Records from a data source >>
Lemma sth_nonzero a : 0 < a < PI -> ~ exceptional a -> sth a <> 0.
Proof.
  intros Ha Hne Hs. apply Hne. unfold sth in Hs. apply sin_eq_0_0 in Hs. destruct Hs as [k Hk].
  unfold theta in Hk. pose proof PI_RGT_0.
  assert (Hpos : 0 < PI ^ 2 / (2 * a)) by (apply Rdiv_lt_0_compat; [apply pow_lt|]; lra).
  rewrite Hk in Hpos. assert (0 < IZR k) by nra. apply lt_0_IZR in H0.
  exists (Z.to_nat k). split. lia.
  rewrite INR_IZR_INZ, Z2Nat.id by lia.
  assert (E : PI ^ 2 = IZR k * PI * (2 * a)) by (rewrite <- Hk; field; lra).
  assert (0 < IZR k) by (apply IZR_lt; lia).
  apply (Rmult_eq_reg_r (2 * IZR k)). 2: lra.
  field_simplify; try lra. simpl in E. nra.
Qed.

Lemma cth_sq_lt a : sth a <> 0 -> cth a ^ 2 < 1.
Proof.
  intros H. unfold sth, cth in *. pose proof (sin2_cos2 (theta a)). unfold Rsqr in H0.
  assert (0 < sin (theta a) * sin (theta a)) by (apply Rsqr_pos_lt in H; unfold Rsqr in H; auto).
  simpl. lra.
Qed.

Lemma decP_true (P : Prop) : P -> decP P = true.
Proof. unfold decP. destruct (ClassicalDescription.excluded_middle_informative P); tauto. Qed.
Lemma decP_false (P : Prop) : ~ P -> decP P = false.
Proof. unfold decP. destruct (ClassicalDescription.excluded_middle_informative P); tauto. Qed.
Lemma decP_iff (P : Prop) : decP P = true <-> P.
Proof.
  unfold decP. destruct (ClassicalDescription.excluded_middle_informative P);
  split; intros; try tauto; discriminate.
Qed.
Lemma decP_f (P : Prop) : decP P = false -> ~ P.
Proof. intros H HP. rewrite decP_true in H; auto. discriminate. Qed.

(** * Polygons without exceptional angles *)

Section NonExceptional.
Variables (n : nat) (alpha ell : nat -> R).
Hypothesis Hn : (1 <= n)%nat.
Hypothesis Halpha : forall j, (1 <= j <= n)%nat -> 0 < alpha j < PI.
Hypothesis Hell : forall j, (1 <= j <= n)%nat -> 0 < ell j.
Hypothesis Hne : ~ any_exceptional n alpha.

Local Notation al := (al n alpha).
Local Notation fsP := (poly_factors n alpha ell n).
Local Notation P := (Ppart n alpha ell n).

Lemma sth_al_nonzero j : (1 <= j <= n)%nat -> sth (al j) <> 0.
Proof.
  intros Hj. rewrite al_id by auto. apply sth_nonzero; auto.
  intro He. apply Hne. exists j; auto.
Qed.

Lemma admissible_poly_factors k : (k <= n)%nat -> admissible (poly_factors n alpha ell k).
Proof.
  induction k; intros Hk; simpl; constructor.
  - simpl. split. apply cth_sq_lt, sth_al_nonzero; lia. rewrite ll_id by lia. apply Hell; lia.
  - apply IHk; lia.
Qed.

Lemma poly_factors_nonnil : fsP <> [].
Proof. destruct n; [lia|]. simpl; discriminate. Qed.

Definition sin_prod : R := prod1n n (fun j => sin (theta (alpha j))).

Lemma det_P s : rdet (P s) = sin_prod * sin_prod.
Proof.
  rewrite det_Ppart. unfold sin_prod. rewrite prod1n_mul. apply prod1n_ext. intros j Hj.
  rewrite al_id by auto. unfold cth. pose proof (sin2_cos2 (theta (alpha j))). unfold Rsqr in H.
  simpl. lra.
Qed.

Lemma sin_inv_prod_spec : sin_inv_prod n alpha n * sin_prod = 1.
Proof.
  unfold sin_prod. rewrite (prod1n_ext n _ (fun j => sth (al j))).
  2:{ intros j Hj. rewrite al_id by auto. auto. }
  assert (forall k, (k <= n)%nat -> sin_inv_prod n alpha k * prod1n k (fun j => sth (al j)) = 1).
  { induction k; intros Hk. simpl. unfold prod1n; simpl; ring.
    simpl sin_inv_prod. rewrite prod1n_S.
    replace (/ sth (al (S k)) * sin_inv_prod n alpha k * (prod1n k (fun j => sth (al j)) * sth (al (S k))))
      with ((sin_inv_prod n alpha k * prod1n k (fun j => sth (al j))) * (/ sth (al (S k)) * sth (al (S k))))
      by ring.
    rewrite IHk by lia. rewrite Rinv_l. ring. apply sth_al_nonzero; lia. }
  apply H; lia.
Qed.

Lemma sin_prod_nonzero : sin_prod <> 0.
Proof. intro E. pose proof sin_inv_prod_spec. rewrite E in H. lra. Qed.

Definition Tnorm (s : R) : RMat := RMscal (sin_inv_prod n alpha n) (P s).

Lemma Tmat_Tnorm s : Tmat n alpha ell s = embed (Tnorm s).
Proof. unfold Tmat, Tnorm. rewrite Tpart_eq, Mscal_embed. auto. Qed.

Lemma det_Tnorm s : rdet (Tnorm s) = 1.
Proof.
  unfold Tnorm. replace (rdet (RMscal (sin_inv_prod n alpha n) (P s))) with
    (sin_inv_prod n alpha n * sin_inv_prod n alpha n * rdet (P s)) by (unfold rdet, RMscal; simpl; ring).
  rewrite det_P.
  replace (sin_inv_prod n alpha n * sin_inv_prod n alpha n * (sin_prod * sin_prod))
    with ((sin_inv_prod n alpha n * sin_prod) * (sin_inv_prod n alpha n * sin_prod)) by ring.
  rewrite sin_inv_prod_spec. ring.
Qed.

Lemma trace_Tnorm s : rtr (Tnorm s) = 2 <-> rtr (P s) = 2 * sin_prod.
Proof.
  unfold Tnorm. replace (rtr (RMscal (sin_inv_prod n alpha n) (P s))) with
    (sin_inv_prod n alpha n * rtr (P s)) by (unfold rtr, RMscal; simpl; ring).
  pose proof sin_inv_prod_spec. pose proof sin_prod_nonzero. split; intro H1.
  - apply (Rmult_eq_reg_l (sin_inv_prod n alpha n)). 2:{ intro E; rewrite E in H; lra. }
    rewrite H1. replace (sin_inv_prod n alpha n * (2 * sin_prod)) with (2 * (sin_inv_prod n alpha n * sin_prod)) by ring.
    rewrite H. ring.
  - rewrite H1. replace (sin_inv_prod n alpha n * (2 * sin_prod)) with (2 * (sin_inv_prod n alpha n * sin_prod)) by ring.
    rewrite H. ring.
Qed.

Lemma Tnorm_id_iff s : Tnorm s = RId <-> P s = RMscal sin_prod RId.
Proof.
  pose proof sin_inv_prod_spec as Hp. pose proof sin_prod_nonzero.
  assert (Hq : sin_inv_prod n alpha n <> 0) by (intro Z; rewrite Z in Hp; lra).
  unfold Tnorm. split; intro E.
  - assert (E1 := f_equal r11 E). assert (E2 := f_equal r12 E).
    assert (E3 := f_equal r21 E). assert (E4 := f_equal r22 E).
    destruct (P s) as [a b c d]. unfold RMscal, RId in *; simpl in *.
    f_equal; apply (Rmult_eq_reg_l (sin_inv_prod n alpha n)); auto; nra.
  - rewrite E. apply RMat_eq; unfold RMscal, RId; simpl; nra.
Qed.

Lemma FP_nonexc s : FP n alpha ell s = rtr (P s) / 2 - sin_prod.
Proof. apply FP_trace; auto. Qed.

Lemma qe_iff_nonexc s : 0 <= s -> (quasi_eigenvalue n alpha ell s <-> FP n alpha ell s = 0).
Proof.
  intros Hs. unfold quasi_eigenvalue. rewrite FP_nonexc.
  split.
  - intros [_ [[_ He]|[Ha _]]]; [|contradiction].
    rewrite Tmat_Tnorm, eigenvalue_1_iff_trace, trace_Tnorm in He by apply det_Tnorm. lra.
  - intro H. split; auto. left. split; auto.
    rewrite Tmat_Tnorm, eigenvalue_1_iff_trace, trace_Tnorm by apply det_Tnorm. lra.
Qed.

Lemma smooth_FP : smooth (FP n alpha ell).
Proof. apply (smooth_ext (fun z => rtr (chain fsP z) / 2 - sin_prod)). intros; rewrite FP_nonexc; auto. apply smooth_tr. Qed.

Lemma dpl_FP y : derivable_pt_lim (FP n alpha ell) y (rtr (chain' fsP y) / 2).
Proof. apply (dpl_ext (fun z => rtr (chain fsP z) / 2 - sin_prod)). intros; rewrite FP_nonexc; auto. apply dpl_tr, mat_deriv_chain. Qed.

Lemma chain_det_derivs y :
  det_d1 (chain fsP y) (chain' fsP y) = 0 /\ det_d2 (chain fsP y) (chain' fsP y) (chain'' fsP y) = 0.
Proof. apply (const_det_derivs (chain fsP) (chain' fsP) (chain'' fsP) (sin_prod * sin_prod)).
  - apply mat_deriv_chain.
  - apply mat_deriv_chain'.
  - intros; apply det_P.
Qed.

Lemma wronskian_P s u : u <> (0,0) -> 0 < wedge (mvec (P s) u) (mvec (chain' fsP s) u).
Proof. intros Hu. apply wronskian_pos; auto using admissible_poly_factors, poly_factors_nonnil. Qed.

Task to carry out >>
Look above for the line with "destruct (P s)"; retype exactly that line, every line after it up to the line with "Proof. apply FP_trace; auto. Qed.", and that line too, nothing else.

Answer to the exercise >>
    destruct (P s) as [a b c d]. unfold RMscal, RId in *; simpl in *.
    f_equal; apply (Rmult_eq_reg_l (sin_inv_prod n alpha n)); auto; nra.
  - rewrite E. apply RMat_eq; unfold RMscal, RId; simpl; nra.
Qed.

Lemma FP_nonexc s : FP n alpha ell s = rtr (P s) / 2 - sin_prod.
Proof. apply FP_trace; auto. Qed.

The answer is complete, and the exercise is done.